Our goal with Ghostty is for users of whatever platform they run Ghostty on to think that Ghostty was built for their platform first and maybe even exclusively. We want Ghostty to feel like a native app on every platform, for the best definition of "native" on each platform.
Cross-platform libghostty for Embeddable Terminals
In addition to being a standalone terminal emulator, Ghostty is a
C-compatible library for embedding a fast, feature-rich terminal emulator
in any 3rd party project. This library is called libghostty.
Due to the scope of this project, we're breaking libghostty down into
separate actually libraries, starting with libghostty-vt. The goal of
this project is to focus on parsing terminal sequences and maintaining
terminal state. This is covered in more detail in this
blog post.
libghostty-vt is already available and usable today for Zig and C and
is compatible for macOS, Linux, Windows, and WebAssembly. The functionality
is extremely stable (since its been proven in Ghostty GUI for a long time),
but the API signatures are still in flux.
libghostty is already heavily in use. See examples
for small examples of using libghostty in C and Zig or the
Ghostling project for a
complete example. See awesome-libghostty
for a list of projects and resources related to libghostty.
We haven't tagged libghostty with a version yet and we're still working on a better docs experience, but our Doxygen website is a good resource for the C API.
Ghostty-only Terminal Control Sequences
We want and believe that terminal applications can and should be able to do so much more. We've worked hard to support a wide variety of modern sequences created by other terminal emulators towards this end, but we also want to fill the gaps by creating our own sequences.
We've been hesitant to do this up until now because we don't want to create more fragmentation in the terminal ecosystem by creating sequences that only work in Ghostty. But, we do want to balance that with the desire to push the terminal forward with stagnant standards and the slow pace of change in the terminal ecosystem.
We haven't done any of this yet.
Crash Reports
Ghostty has a built-in crash reporter that will generate and save crash
reports to disk. The crash reports are saved to the $XDG_STATE_HOME/ghostty/crash
directory. If $XDG_STATE_HOME is not set, the default is ~/.local/state.
Crash reports are not automatically sent anywhere off your machine.
Crash reports are only generated the next time Ghostty is started after a crash. If Ghostty crashes and you want to generate a crash report, you must restart Ghostty at least once. You should see a message in the log that a crash report was generated.
Note
Use the
ghostty +crash-reportCLI command to get a list of available crash reports. A future version of Ghostty will make the contents of the crash reports more easily viewable through the CLI and GUI.

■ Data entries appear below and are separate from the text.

(* Let $R$ be a triad hexagon with focal points $A$ (top), $B$ (bottom left), $C$ (bottom right), with bowties of types $(a,a')$ at $A$, $(b,b')$ at $B$, $(c,c')$ at $C$. Define its S-depth, NE-depth and NW-depth to be $$\delta(BC,S)-b-c,\qquad \delta(AC,NE)-a-c,\qquad \delta(AB,NW)-a-b,$$ respectively. Then: (a) $R$ is tileable (admits at least one lozenge tiling) if and only if its S-depth, NE-depth and NW-depth are all non-negative. (b) The S-depth, NE-depth and NW-depth of a triad hexagon are unchanged by any bowtie squeezing operation. (c) If $R$ is tileable, then every triad hexagon obtained from $R$ by a finite sequence of bowtie squeezings is also tileable.
   Context: Work on the triangular lattice, drawn with one family of lattice lines horizontal; unit triangles are up-pointing or down-pointing. A lozenge is the union of two unit triangles sharing an edge. Lengths of lattice segments are measured in unit-triangle side lengths; distances from a point or a segment to a lattice line parallel to it (or to a side of a hexagon) are measured in lattice spacings (the distance between consecutive parallel lattice lines counts as 1). The sides of a lattice hexagon with horizontal top and bottom are called N, NE, SE, S, SW, NW (clockwise from the top); $\delta(P,N)$ denotes the distance from a point or segment $P$ to the line containing the N side, and similarly for the other sides. Triad hexagons. Let $x,y,z,a,b,c,a',b',c'$ be non-negative integers. Let $A,B,C$ be lattice points forming an up-pointing equilateral lattice triangle of side $f$ ($A$ the top vertex, $B$ the bottom-left, $C$ the bottom-right), with $f\ge a'+b'+c'$; $f$ is the focal distance, $A,B,C$ the focal points, $AB,AC,BC$ the focal edges. The $(a,a')$-bowtie at $A$ is the union of the down-pointing lattice triangle of side $a$ with bottom vertex $A$ and the up-pointing lattice triangle of side $a'$ with top vertex $A$. The $(b,b')$-bowtie at $B$ is the union of the up-pointing triangle of side $b'$ with bottom-left vertex $B$ and the down-pointing triangle of side $b$ with top-right vertex $B$. The $(c,c')$-bowtie at $C$ is the union of the up-pointing triangle of side $c'$ with bottom-right vertex $C$ and the down-pointing triangle of side $c$ with top-left vertex $C$. (Triangles of side $0$ are empty; the lobes of sides $a',b',c'$ are called inner lobes, those of sides $a,b,c$ outer lobes.) Let $H$ be a lattice hexagon with side lengths N: $x+a+b+c$, NE: $y+a'+b'+c'$, SE: $z+a+b+c$, S: $x+a'+b'+c'$, SW: $y+a+b+c$, NW: $z+a'+b'+c'$, containing the three bowties. The triad hexagon $R^{A,B,C}_{x,y,z}(a,b,c,a',b',c')$ is $H$ with the three bowties removed. Bowtie squeezing. Squeezing out the bowtie at $A$ by $d$ units ($0\le d\le a'$): keep $A$ fixed and replace the $(a,a')$-bowtie by an $(a+d,a'-d)$-bowtie; translate the bowtie at $B$ by $d$ units in the direction of $\overrightarrow{BA}$ and the bowtie at $C$ by $d$ units in the direction of $\overrightarrow{CA}$ (so the focal distance becomes $f-d$); translate the N, NW, NE sides of the hexagon outward by $d$ lattice spacings and the S, SW, SE sides inward by $d$ lattice spacings. Squeezing out the bowtie at $B$ by $d\le b'$ is defined symmetrically: $B$ fixed, $(b,b')\to(b+d,b'-d)$, bowties at $A$ and $C$ translated $d$ units in the directions $\overrightarrow{AB}$, $\overrightarrow{CB}$, sides SW, NW, S moved outward and NE, N, SE moved inward by $d$ lattice spacings. Squeezing out the bowtie at $C$ by $d\le c'$: $C$ fixed, $(c,c')\to(c+d,c'-d)$, bowties at $A$ and $B$ translated $d$ units in the directions $\overrightarrow{AC}$, $\overrightarrow{BC}$, sides SE, NE, S moved outward and NW, N, SW moved inward by $d$ lattice spacings. Squeezing in a bowtie by $d$ units (with $d$ at most the size of its outer lobe) is the inverse operation. Each of these operations produces again a triad hexagon (with the same $x,y,z$). A bowtie squeezing means any of these operations. *)

From Stdlib Require Import ZArith List Relations.
Import ListNotations.
Open Scope Z_scope.
Lemma profile_orth_on u : I u -> x1d u * x1dd u + x2d u * x2dd u - r1 u * r2 u = 0.
Proof.
  intros Hu.
  assert (Hd : derivable_pt_lim (fun t => x1d t ^ 2 + x2d t ^ 2 - r1 t ^ 2) u
                 (2 * x1d u * x1dd u + 2 * x2d u * x2dd u - 2 * r1 u * r2 u))
    by (apply D_minus; [apply D_plus|]; apply D_sq; auto).
  assert (Hd0 : derivable_pt_lim (fun t => x1d t ^ 2 + x2d t ^ 2 - r1 t ^ 2) u 0).
  { apply D_ext_on with J (fun _ => 1); auto using D_const.
    intros t Ht. symmetry. auto. }
  assert (H := uniqueness_limite _ _ _ _ Hd Hd0). lra.
Qed.

Lemma HH_profile u : I u ->
  k = 1 / 4 * (x1dd u ^ 2 + x2dd u ^ 2 - r2 u ^ 2 - 2 * r2 u / r u - (1 + r1 u ^ 2) / r u ^ 2).
Proof.
  intros Hu. rewrite <- (HHk u 0 Hu).
  destruct (rot_surface_partials2_unique I x1 x2 r x1d x2d r1 x1dd x2dd r2
              (fun t Ht => Hx1 t (HIJ t Ht)) (fun t Ht => Hx2 t (HIJ t Ht))
              (fun t Ht => Hr t (HIJ t Ht)) Hx1d Hx2d Hr1 zu zv zuu zuv zvv HI Hpart u 0 Hu)
    as (-> & -> & -> & ->).
  unfold rot_surface, rot_surface_dv. apply HH_rot; auto using profile_orth_on.
  apply Rgt_not_eq, Hr_pos; auto.
Qed.

Lemma Rfun_curvature s C : k = s * C ^ 2 ->
  forall u, I u -> Rfun s C r r1 r2 u = (r u * curv u) ^ 2.
Proof.
  intros HkC u Hu. unfold Rfun, curv.
  replace (s * (4 * C ^ 2 * r u ^ 2 * (1 + r1 u ^ 2))) with (4 * k * r u ^ 2 * (1 + r1 u ^ 2))
    by (rewrite HkC; ring).
  apply HH_rot_curvature; auto using profile_orth_on, HH_profile.
  apply Rgt_not_eq, Hr_pos; auto.
Qed.

Lemma curvature_continuous u : I u -> continuity_pt curv u.
Proof.
  intros Hu.
  assert (Hsmooth : forall x xd xdd, smooth_on J x ->
            (forall t, J t -> derivable_pt_lim x t (xd t)) ->
            (forall t, I t -> derivable_pt_lim xd t (xdd t)) -> continuity_pt xdd u).
  { intros x xd xdd Hx Hxd Hxdd. apply smooth_on_continuous with I; auto.
    apply smooth_on_derivative with xd; auto.
    apply smooth_on_derivative with x; auto.
    now apply smooth_on_subset with J. }
  assert (Hcont : forall f f', (forall t, I t -> derivable_pt_lim f t (f' t)) ->
            continuity_pt f u)
    by (intros f f' Hf; apply derivable_continuous_pt; exists (f' u); apply Hf, Hu).
  apply continuity_pt_minus; apply continuity_pt_mult.
  - exact (Hcont _ _ Hx1d).
  - exact (Hsmooth _ _ _ Hx2_smooth Hx2 Hx2d).
  - exact (Hsmooth _ _ _ Hx1_smooth Hx1 Hx1d).
  - exact (Hcont _ _ Hx2d).
Qed.

Lemma phi_derivative_eq s C eta : k = s * C ^ 2 ->
  (forall u, I u -> curv u = eta * Rabs (curv u)) ->
  forall u, I u ->
    eta * sqrt (Rfun s C r r1 r2 u) / (r u * (1 + r1 u ^ 2)) = curv u / (1 + r1 u ^ 2).
Proof.
  intros HkC Hsign u Hu.
  assert (Hr_u := Hr_pos u (HIJ u Hu)). assert (Hp := one_plus_sq_pos (r1 u)).
  rewrite (Rfun_curvature s C HkC u Hu), <- Rsqr_pow2, sqrt_Rsqr_abs, Rabs_mult,
    (Rabs_right (r u)) by lra.
  rewrite (Hsign u Hu) at 2. field. lra.
Qed.

Lemma profile_polar phi u0 : I u0 ->
  (forall u, I u -> derivable_pt_lim phi u (curv u / (1 + r1 u ^ 2))) ->
  x1d u0 = W u0 * cos (phi u0) -> x2d u0 = W u0 * sin (phi u0) ->
  forall u, I u -> x1d u = W u * cos (phi u) /\ x2d u = W u * sin (phi u).
Proof.
  intros Hu0 Hphi Hx1d0 Hx2d0.
  apply (polar_form I x1d x2d x1dd x2dd W (fun u => r1 u * r2 u / W u) phi
           (fun u => curv u / (1 + r1 u ^ 2))) with u0; auto using profile_speed_W.
  - intros u Hu. apply D_sqrt_one_plus_sq. auto.
  - intros u Hu. apply sqrt_one_plus_sq_pos.
  - intros u Hu. assert (Horth := profile_orth_on u Hu).
    assert (HWu := sqrt_one_plus_sq_pos (r1 u)). unfold W. field_simplify; lra.
  - intros u Hu. unfold W, curv. rewrite sqrt_one_plus_sq_sq. field.
    apply Rgt_not_eq, one_plus_sq_pos.
Qed.
(* Let $G$ be a connected, finite, pointed, edge-ordered graph with distinguished vertex $v_0$, and let $T=(F\circ I'\circ\Theta)(G)$. Then the neighborhood ordering $\triangleleft$ of the distinguished point $v_0$ in $T$ is the lexicographic depth-first traversal of $G$: for vertices $u,v$ of $G$ with $v_0\to u$ and $v_0\to v$ in $T$, $v_0\to u\triangleleft v_0\to v$ in $T$ iff $u$ precedes $v$ in the lexicographic depth-first traversal of $G$ (and these targets are the vertices other than $v_0$, which comes first in the traversal).
   Context: A (directed) graph is $(V,\to)$ with $\to\subseteq V\times V$; $N(u)$ is the set of outgoing edges of $u$. A pointed graph has a distinguished vertex $v_0$; connected means every vertex is reachable by a path from $v_0$. A path is a finite sequence $v_1\to\cdots\to v_n$ of vertices joined by edges; proper if no vertex repeats; co-initial paths share their source; $\pi\sqsubset\sigma$ means $\pi$ is a proper prefix of $\sigma$. A finite edge-ordered graph is a finite graph with a strict linear order $\triangleleft$ on each neighborhood. Lexicographic path order: if $\pi\sqsubset\sigma$ then $\pi\prec\sigma$ (symmetrically); otherwise, with $\zeta$ the longest common prefix, $u$ its target and $v_1,v_2$ the next vertices, $\pi\prec\sigma$ iff $u\to v_1\triangleleft u\to v_2$. $\min(u\rightsquigarrow v)$ is the $\prec$-least proper path from $u$ to $v$. Lexicographic depth-first search on $G$: initialize a list $L=()$ and a stack $S=(v_0)$; while $S$ is nonempty, pop the top element $v$; if $v\in L$, continue; otherwise append $v$ to $L$ and push the vertices of $\partial v$ (neighbors of $v$ not in $L$) onto $S$ in reverse $\triangleleft$-order (so the $\triangleleft$-least ends on top). The lexicographic depth-first traversal is the order in which vertices are appended to $L$. Lex-homomorphisms, lex-graphs: a lex-homomorphism $h$ is a vertex map preserving edges, mapping exactly the distinguished vertex to the distinguished vertex, monotone on neighborhoods, and with $h(\min(u\rightsquigarrow v))=\min(h(u)\rightsquigarrow h(v))$; a lex-graph is a finite, pointed, connected, edge-ordered graph with $u\to v_1\triangleleft u\to v_2$ iff $\min(u\rightsquigarrow v_1)\prec\min(u\rightsquigarrow v_2)$. An arborescence is a pointed graph with a unique path $v_0\rightsquigarrow u$ for every $u$. Functors: $\Theta$ sends $G$ to the edge-ordered arborescence on the vertices of $G$ with the same distinguished vertex, containing $u\to v$ iff it is an edge of $\min(v_0\rightsquigarrow v)$ in $G$, with edge order inherited from $G$; $I'$ regards an edge-ordered arborescence as a lex-graph; $F$ sends a lex-graph $H$ to the graph on the same vertices and distinguished point with edge relation the transitive closure of that of $H$ and $u\to v_1\triangleleft u\to v_2$ iff $\min(u\rightsquigarrow v_1)\prec\min(u\rightsquigarrow v_2)$ in $H$. *)

From mathcomp Require Import all_boot.
From Stdlib Require Import Relations.
Set Implicit Arguments. Unset Strict Implicit. Unset Printing Implicit Defensive.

Crash reports end in the .ghosttycrash extension. The crash reports are in
Sentry envelope format. You can
upload these to your own Sentry account to view their contents, but the format
is also publicly documented so any other available tools can also be used.
The ghostty +crash-report CLI command can be used to list any crash reports.
A future version of Ghostty will show you the contents of the crash report
directly in the terminal.
To send the crash report to the Ghostty project, you can use the following CLI command using the Sentry CLI:
SENTRY_DSN=https://e914ee84fd895c4fe324afa3e53dac76@o4507352570920960.ingest.us.sentry.io/4507850923638784 sentry-cli send-envelope --raw <path to ghostty crash>
Warning
The crash report can contain sensitive information. The report doesn't purposely contain sensitive information, but it does contain the full stack memory of each thread at the time of the crash. This information is used to rebuild the stack trace but can also contain sensitive data depending on when the crash occurred.